* ACTIVITY
From the data below, copy exactly the lines that lie between the one holding "move=> th_pos." and the one holding "apply: eq_bigr => j _ /=;", including both, and nothing more.

-=-=-

(* Let $\sigma\in[0,c]$ and let $\omega_k=(Z_k,E_k,-\lambda_k)$ be given. If for every choice of parameters $(W_k,\theta_k,\beta_k)\in\mathcal{S}(\sigma,A)$ the iteration below produces $\omega_{k+1}=\omega_k$, then $\omega_k=\omega_{k+1}\in\Omega^*$.
   Context: Let $A\in\mathbb{R}^{m\times d}$, $X\in\mathbb{R}^{m\times n}$, and let $f:\mathbb{R}^{d\times n}\to\mathbb{R}$, $g:\mathbb{R}^{m\times n}\to\mathbb{R}$ be convex. Consider the problem $\min_{Z,E} f(Z)+g(E)$ subject to $X=AZ+E$. Triples are written $\omega=(Z,E,-\lambda)$ with $\lambda\in\mathbb{R}^{m\times n}$ a Lagrange multiplier. $\Omega^*$ is the solution set: the set of $\omega^*=(Z^*,E^*,-\lambda^* )$ with $0\in\partial f(Z^* )+A^\top\lambda^*$, $0\in\partial g(E^* )+\lambda^*$, $AZ^*+E^*=X$. $\circ$ is the Hadamard product; $\beta^{-1}$ is the entrywise reciprocal; $\tfrac{\theta}{2}\circ\|M\|_F^2:=\tfrac12\sum_{ij}\theta_{ij}M_{ij}^2$. Iteration (D-LADMM), with parameters $W_k\in\mathbb{R}^{m\times d}$, $\theta_k\in\mathbb{R}^{d\times n}$, $\beta_k\in\mathbb{R}^{m\times n}$: $Z_{k+1}=\arg\min_Z\{ f(Z)+\tfrac{\theta_k}{2}\circ\|Z-Z_k+\theta_k^{-1}\circ W_k^\top(\lambda_k+\beta_k\circ(AZ_k+E_k-X))\|_F^2\}$, $E_{k+1}=\arg\min_E\{g(E)+\tfrac{\beta_k}{2}\circ\|E-X+AZ_{k+1}+\beta_k^{-1}\circ\lambda_k\|_F^2\}$, $\lambda_{k+1}=\lambda_k+\beta_k\circ(AZ_{k+1}+E_{k+1}-X)$. $\mathcal{S}(\sigma,A)$ is the set of $(W,\theta,\beta)$ with $\|W-A\|\le\sigma$ (spectral norm), $\theta,\beta$ entrywise positive, and $Z\mapsto\theta\circ Z-W^\top(\beta\circ(AZ))$ positive definite ($\langle\cdot(Z),Z\rangle>0$ for $Z\neq0$). Standing assumption: there is a constant $c$ such that $\mathcal{S}(\sigma,A)\ne\emptyset$ for all $0\le\sigma\le c$. *)

From HB Require Import structures.
From mathcomp Require Import all_boot all_order all_algebra.
From mathcomp Require Import reals.
Set Implicit Arguments. Unset Strict Implicit. Unset Printing Implicit Defensive.
Import Order.TTheory GRing.Theory Num.Theory.
Local Open Scope ring_scope.

Section Defs.
Variable R : realType.

Definition frob {p q : nat} (M N : 'M[R]_(p, q)) : R :=
  \sum_(i < p) \sum_(j < q) M i j * N i j.

Definition hada {p q : nat} (M N : 'M[R]_(p, q)) : 'M[R]_(p, q) :=
  \matrix_(i, j) (M i j * N i j).

Definition hinv {p q : nat} (M : 'M[R]_(p, q)) : 'M[R]_(p, q) :=
  \matrix_(i, j) (M i j)^-1.

(* (theta/2) o ||M||_F^2 := 1/2 sum_ij theta_ij M_ij^2 *)
Definition wsq {p q : nat} (th M : 'M[R]_(p, q)) : R :=
  2^-1 * \sum_(i < p) \sum_(j < q) th i j * M i j ^+ 2.

Definition convex_mx {p q : nat} (f : 'M[R]_(p, q) -> R) : Prop :=
  forall (x y : 'M[R]_(p, q)) (t : R), 0 <= t -> t <= 1 ->
    f (t *: x + (1 - t) *: y) <= t * f x + (1 - t) * f y.

Definition subdiff {p q : nat} (f : 'M[R]_(p, q) -> R) (x G : 'M[R]_(p, q)) : Prop :=
  forall y, f x + frob G (y - x) <= f y.

Definition is_argmin {p q : nat} (phi : 'M[R]_(p, q) -> R) (x : 'M[R]_(p, q)) : Prop :=
  forall y, phi x <= phi y.

Definition spec_norm_le {p q : nat} (M : 'M[R]_(p, q)) (s : R) : Prop :=
  0 <= s /\
  forall v : 'cV[R]_q, frob (M *m v) (M *m v) <= s ^+ 2 * frob v v.

Definition mx_pos {p q : nat} (M : 'M[R]_(p, q)) : Prop :=
  forall i j, 0 < M i j.

Section Alg.
Variables (m d n : nat) (A : 'M[R]_(m, d)) (X : 'M[R]_(m, n)).

Definition S_set (s : R) (W : 'M[R]_(m, d)) (th : 'M[R]_(d, n)) (be : 'M[R]_(m, n)) : Prop :=
  spec_norm_le (W - A) s /\ mx_pos th /\ mx_pos be /\
  forall Z : 'M[R]_(d, n), Z != 0 ->
    0 < frob (hada th Z - W^T *m hada be (A *m Z)) Z.

Definition Zobj (f : 'M[R]_(d, n) -> R) (W : 'M[R]_(m, d)) (th : 'M[R]_(d, n))
  (be : 'M[R]_(m, n)) (Zk : 'M[R]_(d, n)) (Ek lk : 'M[R]_(m, n)) (Z : 'M[R]_(d, n)) : R :=
  f Z + wsq th (Z - Zk + hada (hinv th) (W^T *m (lk + hada be (A *m Zk + Ek - X)))).

Definition Eobj (g : 'M[R]_(m, n) -> R) (be : 'M[R]_(m, n)) (Z1 : 'M[R]_(d, n))
  (lk : 'M[R]_(m, n)) (E : 'M[R]_(m, n)) : R :=
  g E + wsq be (E - X + A *m Z1 + hada (hinv be) lk).

Definition dladmm_step (f : 'M[R]_(d, n) -> R) (g : 'M[R]_(m, n) -> R)
  (W : 'M[R]_(m, d)) (th : 'M[R]_(d, n)) (be : 'M[R]_(m, n))
  (Zk : 'M[R]_(d, n)) (Ek lk : 'M[R]_(m, n))
  (Z1 : 'M[R]_(d, n)) (E1 l1 : 'M[R]_(m, n)) : Prop :=
  is_argmin (Zobj f W th be Zk Ek lk) Z1 /\
  is_argmin (Eobj g be Z1 lk) E1 /\
  l1 = lk + hada be (A *m Z1 + E1 - X).

(* (Z, E, -l) belongs to the solution set Omega^* *)
Definition in_Omega_star (f : 'M[R]_(d, n) -> R) (g : 'M[R]_(m, n) -> R)
  (Z : 'M[R]_(d, n)) (E l : 'M[R]_(m, n)) : Prop :=
  subdiff f Z (- (A^T *m l)) /\ subdiff g E (- l) /\ A *m Z + E = X.

End Alg.
End Defs.

From HB Require Import structures.
From mathcomp Require Import all_boot all_order all_algebra.
From mathcomp Require Import reals.
From mathcomp Require Import lra.
Set Implicit Arguments. Unset Strict Implicit. Unset Printing Implicit Defensive.
Import Order.TTheory GRing.Theory Num.Theory.
Local Open Scope ring_scope.

(* With sigma = 0 the only admissible W is A itself, and the same parameters
   are admissible for every sigma >= 0.  A fixed point of the lambda-update
   has zero residual A Z + E - X; the two subproblems then say that Z_k and
   E_k minimise f (resp. g) plus a positive weighted quadratic whose linear
   part is <G, .> with G = A^T lambda_k (resp. lambda_k).  Expanding it gives
   phi x <= phi y + <G, y - x> + O(|y - x|^2), and convexity of phi turns such
   a bound into the subgradient inequality for -G. *)

Lemma ge0_of_forall_small (R : realFieldType) (a b : R) :
  (forall t, 0 < t -> t <= 1 -> 0 <= a + t * b) -> 0 <= a.
Proof.
move=> hab; rewrite leNgt; apply/negP => a_lt0.
have nb_a_gt0 : 0 < `|b| - a by have := normr_ge0 b; lra.
pose t := - a / (`|b| - a).
have t_gt0 : 0 < t by rewrite divr_gt0 // oppr_gt0.
have t_le1 : t <= 1 by rewrite ler_pdivrMr // mul1r; have := normr_ge0 b; lra.
have tE : (`|b| - a) * t = - a by rewrite mulrC divfK // gt_eqF.
have := mulr_ge0 (ltW nb_a_gt0) (hab t t_gt0 t_le1).
rewrite mulrDr mulrA tE; have := ler_norm b; nra.
Qed.

Section Frobenius.
Variable R : realType.

Lemma frob_ge0 p q (M : 'M[R]_(p, q)) : 0 <= frob M M.
Proof. by apply: sumr_ge0 => i _; apply: sumr_ge0 => j _; rewrite -expr2 sqr_ge0. Qed.

Lemma frob_le0_eq0 p q (M : 'M[R]_(p, q)) : frob M M <= 0 -> M = 0.
Proof.
move=> M_le0; have M0 : frob M M = 0 by apply/eqP; rewrite eq_le M_le0 frob_ge0.
have row_ge0 i : 0 <= \sum_(j < q) M i j * M i j.
  by apply: sumr_ge0 => j _; rewrite -expr2 sqr_ge0.
apply/matrixP => i j; rewrite mxE.
have Mi0 := psumr_eq0P (fun i _ => row_ge0 i) M0 (i := i) isT.
have /eqP := psumr_eq0P (fun j _ => sqr_ge0 (M i j)) Mi0 (i := j) isT.
by rewrite mulf_eq0 orbb => /eqP.
Qed.

Lemma frobZr p q (G M : 'M[R]_(p, q)) t : frob G (t *: M) = t * frob G M.
Proof.
rewrite /frob mulr_sumr; apply: eq_bigr => i _; rewrite mulr_sumr.
by apply: eq_bigr => j _; rewrite mxE mulrCA.
Qed.

Lemma frobNl p q (G M : 'M[R]_(p, q)) : frob (- G) M = - frob G M.
Proof.
rewrite /frob -sumrN; apply: eq_bigr => i _; rewrite -sumrN.
by apply: eq_bigr => j _; rewrite mxE mulNr.
Qed.

Lemma wsqZ p q (th M : 'M[R]_(p, q)) t : wsq th (t *: M) = t ^+ 2 * wsq th M.
Proof.
rewrite /wsq mulrCA; congr (_ * _); rewrite mulr_sumr; apply: eq_bigr => i _.
by rewrite mulr_sumr; apply: eq_bigr => j _; rewrite mxE exprMn mulrCA.
Qed.

(* The cross term of the square is exactly <G, M> because th o th^-1 = 1. *)
Lemma wsqD_hada_hinv p q (th M G : 'M[R]_(p, q)) : mx_pos th ->
  wsq th (M + hada (hinv th) G) = wsq th M + frob G M + wsq th (hada (hinv th) G).
Proof.
move=> th_pos.
have -> : frob G M = 2^-1 * \sum_(i < p) \sum_(j < q) 2 * (G i j * M i j).
  rewrite mulr_sumr; apply: eq_bigr => i _; rewrite mulr_sumr; apply: eq_bigr => j _.
  by rewrite mulKf ?pnatr_eq0.
rewrite /wsq -!mulrDr; congr (_ * _).
rewrite -!big_split; apply: eq_bigr => i _; rewrite -!big_split.
apply: eq_bigr => j _ /=; rewrite !mxE sqrrD !mulrDr.
have cross : th i j * (M i j * ((th i j)^-1 * G i j)) = G i j * M i j.
  by rewrite mulrCA mulVKf ?gt_eqF // mulrC.
by rewrite cross -mulr2n mulr_natl.
Qed.

Lemma hadamx0 p q (be : 'M[R]_(p, q)) : hada be 0 = 0.
Proof. by apply/matrixP => i j; rewrite !mxE mulr0. Qed.

Lemma hada_pos_eq0 p q (be M : 'M[R]_(p, q)) : mx_pos be -> hada be M = 0 -> M = 0.
Proof.
move=> be_pos /matrixP beM0; apply/matrixP => i j; have /eqP := beM0 i j.
by rewrite !mxE mulf_eq0 gt_eqF //= => /eqP.
Qed.

Lemma spec_norm_le0 p q (M : 'M[R]_(p, q)) : spec_norm_le M 0 -> M = 0.
Proof.
move=> [_ hM]; apply/matrixP => i j.
have := hM (delta_mx j 0); rewrite expr0n /= mul0r -colE => /frob_le0_eq0.
by move=> /matrixP /(_ i 0); rewrite !mxE.
Qed.

Lemma spec_norm_le_trans p q (M : 'M[R]_(p, q)) s s' :
  s <= s' -> spec_norm_le M s -> spec_norm_le M s'.
Proof.
move=> ss' [s_ge0 hM]; split=> [|v]; first exact: le_trans ss'.
apply: le_trans (hM v) _; rewrite ler_wpM2r ?frob_ge0 //.
by rewrite ler_pXn2r ?nnegrE ?(le_trans s_ge0).
Qed.

End Frobenius.

Section Proximal.
Variables (R : realType) (p q : nat).
Implicit Types (phi : 'M[R]_(p, q) -> R) (th x G : 'M[R]_(p, q)).

Lemma prox_argmin_quadratic_bound phi th x G : mx_pos th ->
  is_argmin (fun y => phi y + wsq th (y - x + hada (hinv th) G)) x ->
  forall y, phi x <= phi y + frob G (y - x) + wsq th (y - x).
Proof.
move=> th_pos x_min y; have := x_min y.
by rewrite subrr add0r wsqD_hada_hinv //; lra.
Qed.

Lemma subdiff_of_quadratic_bound phi th x G : convex_mx phi -> mx_pos th ->
  (forall y, phi x <= phi y + frob G (y - x) + wsq th (y - x)) ->
  subdiff phi x (- G).
Proof.
move=> phi_cvx th_pos bound y; rewrite frobNl.
set D := y - x; set a := phi y - phi x + frob G D; set b := wsq th D.
suff : 0 <= a by rewrite /a; lra.
apply: (@ge0_of_forall_small _ a b) => t t_gt0 t_le1.
have shift : x + t *: D - x = t *: D by rewrite addrC addKr.
have := bound (x + t *: D); rewrite shift frobZr wsqZ.
have := phi_cvx y x t (ltW t_gt0) t_le1.
have -> : t *: y + (1 - t) *: x = x + t *: D.
  by rewrite /D scalerBr scalerBl scale1r addrCA addrC.
rewrite -/b => cvx_step quad_step.
have : 0 <= t * (a + t * b) by rewrite /a; nra.
by rewrite pmulr_rge0.
Qed.

Lemma prox_argmin_subdiff phi th x G : convex_mx phi -> mx_pos th ->
  is_argmin (fun y => phi y + wsq th (y - x + hada (hinv th) G)) x ->
  subdiff phi x (- G).
Proof.
move=> phi_cvx th_pos /prox_argmin_quadratic_bound-/(_ th_pos).
exact: subdiff_of_quadratic_bound.
Qed.

End Proximal.

Section DLADMM.
Variables (R : realType) (m d n : nat) (A : 'M[R]_(m, d)) (X : 'M[R]_(m, n)).
Variables (f : 'M[R]_(d, n) -> R) (g : 'M[R]_(m, n) -> R).
Implicit Types (W : 'M[R]_(m, d)) (th : 'M[R]_(d, n)) (be : 'M[R]_(m, n)).

Lemma S_set_le s s' W th be : s <= s' -> S_set A s W th be -> S_set A s' W th be.
Proof. by move=> ss' [WA ths]; split=> //; exact: spec_norm_le_trans ss' WA. Qed.

Lemma S_set0_eq W th be : S_set A 0 W th be -> W = A.
Proof. by move=> [/spec_norm_le0/eqP WA _]; apply/eqP; rewrite -subr_eq0. Qed.

Lemma dladmm_fixed_residual W th be Zk Ek lk : mx_pos be ->
  dladmm_step A X f g W th be Zk Ek lk Zk Ek lk -> A *m Zk + Ek = X.
Proof.
move=> be_pos [_ [_ l_fix]].
have /hada_pos_eq0-/(_ be_pos) residual0 : hada be (A *m Zk + Ek - X) = 0.
  by apply: (addrI lk); rewrite addr0 -l_fix.
by apply/eqP; rewrite -subr_eq0 residual0.
Qed.

Lemma dladmm_fixed_optimal th be Zk Ek lk :
  convex_mx f -> convex_mx g -> mx_pos th -> mx_pos be ->
  dladmm_step A X f g A th be Zk Ek lk Zk Ek lk -> in_Omega_star A X f g Zk Ek lk.
Proof.
move=> f_cvx g_cvx th_pos be_pos step.
have feasible := dladmm_fixed_residual be_pos step.
have [Z_min [E_min _]] := step.
split; [|split] => //.
- apply: prox_argmin_subdiff => // Z; have := Z_min Z.
  by rewrite /Zobj feasible !subrr hadamx0 addr0.
- apply: prox_argmin_subdiff => // E; have := E_min E.
  have shift E' : E' - X + A *m Zk = E' - Ek by rewrite -feasible opprD addrA addrAC subrK.
  by rewrite /Eobj !shift.
Qed.

End DLADMM.

Theorem lemma3 (R : realType) (m d n : nat) (A : 'M[R]_(m, d)) (X : 'M[R]_(m, n))
  (f : 'M[R]_(d, n) -> R) (g : 'M[R]_(m, n) -> R)
  (hf : convex_mx f) (hg : convex_mx g)
  (c : R)
  (hS : forall s : R, 0 <= s -> s <= c ->
          exists (W : 'M[R]_(m, d)) (th : 'M[R]_(d, n)) (be : 'M[R]_(m, n)), S_set A s W th be)
  (s : R) (hs0 : 0 <= s) (hsc : s <= c)
  (Zk : 'M[R]_(d, n)) (Ek lk : 'M[R]_(m, n))
  (hfix : forall (W : 'M[R]_(m, d)) (th : 'M[R]_(d, n)) (be : 'M[R]_(m, n)), S_set A s W th be ->
            dladmm_step A X f g W th be Zk Ek lk Zk Ek lk) :
  in_Omega_star A X f g Zk Ek lk.
Proof.
have [W [th [be S0]]] := hS 0 (lexx 0) (le_trans hs0 hsc).
have WA := S_set0_eq S0; subst W.
have [_ [th_pos [be_pos _]]] := S0.
exact: dladmm_fixed_optimal hf hg th_pos be_pos (hfix _ _ _ (S_set_le hs0 S0)).
Qed.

-=-=-

* ANSWER FOR THIS EXERCISE
move=> th_pos.
have -> : frob G M = 2^-1 * \sum_(i < p) \sum_(j < q) 2 * (G i j * M i j).
  rewrite mulr_sumr; apply: eq_bigr => i _; rewrite mulr_sumr; apply: eq_bigr => j _.
  by rewrite mulKf ?pnatr_eq0.
rewrite /wsq -!mulrDr; congr (_ * _).
rewrite -!big_split; apply: eq_bigr => i _; rewrite -!big_split.
apply: eq_bigr => j _ /=; rewrite !mxE sqrrD !mulrDr.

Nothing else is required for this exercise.